It seems like MLP refuses to consider all tumors benign. Some patients are lucky in the sense of being correctly diagnosed.

As long as the threshold has some effect on predictions, we can calibrate it to avoid leaving patients undiagnosed, at the expense of the healthy ones that will have to make useless additional tests.

In [0]:
calibrated_preds = rectify(0.5)(probs)
false_negatives = (1 - test_labels) * calibrated_preds
false_positives = test_labels * (1 - numpy.array(calibrated_preds))
print('usual threshold... undiagnosed:', sum(false_negatives), '     wasting additional tests:', sum(false_positives))

In [0]:
calibrated_preds = rectify(0.6)(probs)
false_negatives = (1 - test_labels) * calibrated_preds
false_positives = test_labels * (1 - numpy.array(calibrated_preds))
print('usual threshold... undiagnosed:', sum(false_negatives), '     wasting additional tests:', sum(false_positives))

In [0]:
calibrated_preds = rectify(0.7)(probs)
false_negatives = (1 - test_labels) * calibrated_preds
false_positives = test_labels * (1 - numpy.array(calibrated_preds))
print('usual threshold... undiagnosed:', sum(false_negatives), '     wasting additional tests:', sum(false_positives))

Losing money, but saving lives.

In [0]:
calibrated_preds = rectify(0.4)(probs) # Out of curiosity...
false_negatives = (1 - test_labels) * calibrated_preds
false_positives = test_labels * (1 - numpy.array(calibrated_preds))
print('usual threshold... undiagnosed:', sum(false_negatives), '     wasting additional tests:', sum(false_positives))

In [0]:
calibrated_preds = rectify(0.3)(probs)
false_negatives = (1 - test_labels) * calibrated_preds
false_positives = test_labels * (1 - numpy.array(calibrated_preds))
print('usual threshold... undiagnosed:', sum(false_negatives), '     wasting additional tests:', sum(false_positives))

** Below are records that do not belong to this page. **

(* Index points of an n-dimensional box with sides r 0, ..., r (n-1):
   tuples (i_1,...,i_n) with i_j in 'I_(r j) (0-based instead of 1-based). *)
Definition idx (n : nat) (r : 'I_n -> nat) : finType :=
  {dffun forall j : 'I_n, 'I_(r j)}.

Definition nvars (n : nat) (r : 'I_n -> nat) : nat := #|idx r|.

Definition polyA (K : fieldType) (n : nat) (r : 'I_n -> nat) :=
  {mpoly K[nvars r]}.

Definition xvar (K : fieldType) (n : nat) (r : 'I_n -> nat) (a : idx r)
  : polyA K r := 'X_(enum_rank a).

Definition lexlt (n : nat) (r : 'I_n -> nat) (a b : idx r) : bool :=
  [exists l : 'I_n,
     [forall j : 'I_n, (j < l)%N ==> (val (a j) == val (b j))]
     && (val (a l) < val (b l))%N].

Definition varlt (n : nat) (r : 'I_n -> nat) (v w : 'I_(nvars r)) : bool :=
  lexlt (enum_val v) (enum_val w).

Definition drl_lt (n : nat) (r : 'I_n -> nat) (m m' : 'X_{1..nvars r}) : Prop :=
  (mdeg m < mdeg m')%N \/
  (mdeg m = mdeg m' /\
   exists v : 'I_(nvars r),
     (forall w, varlt w v -> m w = m' w) /\ (m' v < m v)%N).

Definition is_lead_mon (K : fieldType) (n : nat) (r : 'I_n -> nat)
  (p : polyA K r) (m : 'X_{1..nvars r}) : Prop :=
  m \in msupp p /\ forall m', m' \in msupp p -> m' = m \/ drl_lt m' m.

Definition ideal_gen (K : fieldType) (n : nat) (r : 'I_n -> nat)
  (S : polyA K r -> Prop) (f : polyA K r) : Prop :=
  exists s : seq (polyA K r * polyA K r),
    (forall c g, (c, g) \in s -> S g) /\
    f = \sum_(cg <- s) cg.1 * cg.2.

Definition groebner_basis (K : fieldType) (n : nat) (r : 'I_n -> nat)
  (G I : polyA K r -> Prop) : Prop :=
  (forall g, G g -> I g) /\
  forall f, I f -> f != 0 ->
    exists g mg mf, [/\ G g, g != 0, is_lead_mon g mg, is_lead_mon f mf
                      & (mg <= mf)%MM].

Saving money (high *precision*), but losing lives (*\"low\" recall*).

See more here:
https://scikit-learn.org/stable/auto_examples/model_selection/plot_precision_recall.html

# A harder non medical problem

Vegetal cover type/satellite data. Undersampled due to time/hardware restrictions.

In [0]:
import sklearn
from sklearn.model_selection import train_test_split
from sklearn.datasets import covtype
data = covtype.fetch_covtype()
from imblearn.under_sampling import RandomUnderSampler
cc = RandomUnderSampler(random_state=42)
dados, rótulos = cc.fit_resample(data['data'], data['target'])
train, test, train_labels, test_labels = train_test_split(dados,
                                                          rótulos,
                                                          test_size=0.33,
                                                          random_state=42)
len(train)

Estimation for several classifiers.

In [0]:
mlp = MLP()
scores = cross_val_score(mlp, train, train_labels, cv=10)
print("Accuracy: %0.2f (+/- %0.2f)" % (scores.mean(), scores.std() * 2 / numpy.sqrt(len(scores))))

In [0]:
from sklearn.naive_bayes import GaussianNB
gnb = GaussianNB()
scores = cross_val_score(gnb, train, train_labels, cv=10)
print("Accuracy: %0.2f (+/- %0.2f)" % (scores.mean(), scores.std() * 2 / numpy.sqrt(len(scores))))

In [0]:
from sklearn.neighbors.classification import KNeighborsClassifier
knn = KNeighborsClassifier(n_neighbors = 5)
scores = cross_val_score(knn, train, train_labels, cv=10)
print("Accuracy: %0.2f (+/- %0.2f)" % (scores.mean(), scores.std() * 2 / numpy.sqrt(len(scores))))

In [0]:
from sklearn.ensemble import RandomForestClassifier
rf = RandomForestClassifier(n_estimators = 100, random_state = 42)
scores = cross_val_score(rf, train, train_labels, cv=10)
print("Accuracy: %0.3f (+/- %0.3f)" % (scores.mean(), scores.std() * 2 / numpy.sqrt(len(scores))))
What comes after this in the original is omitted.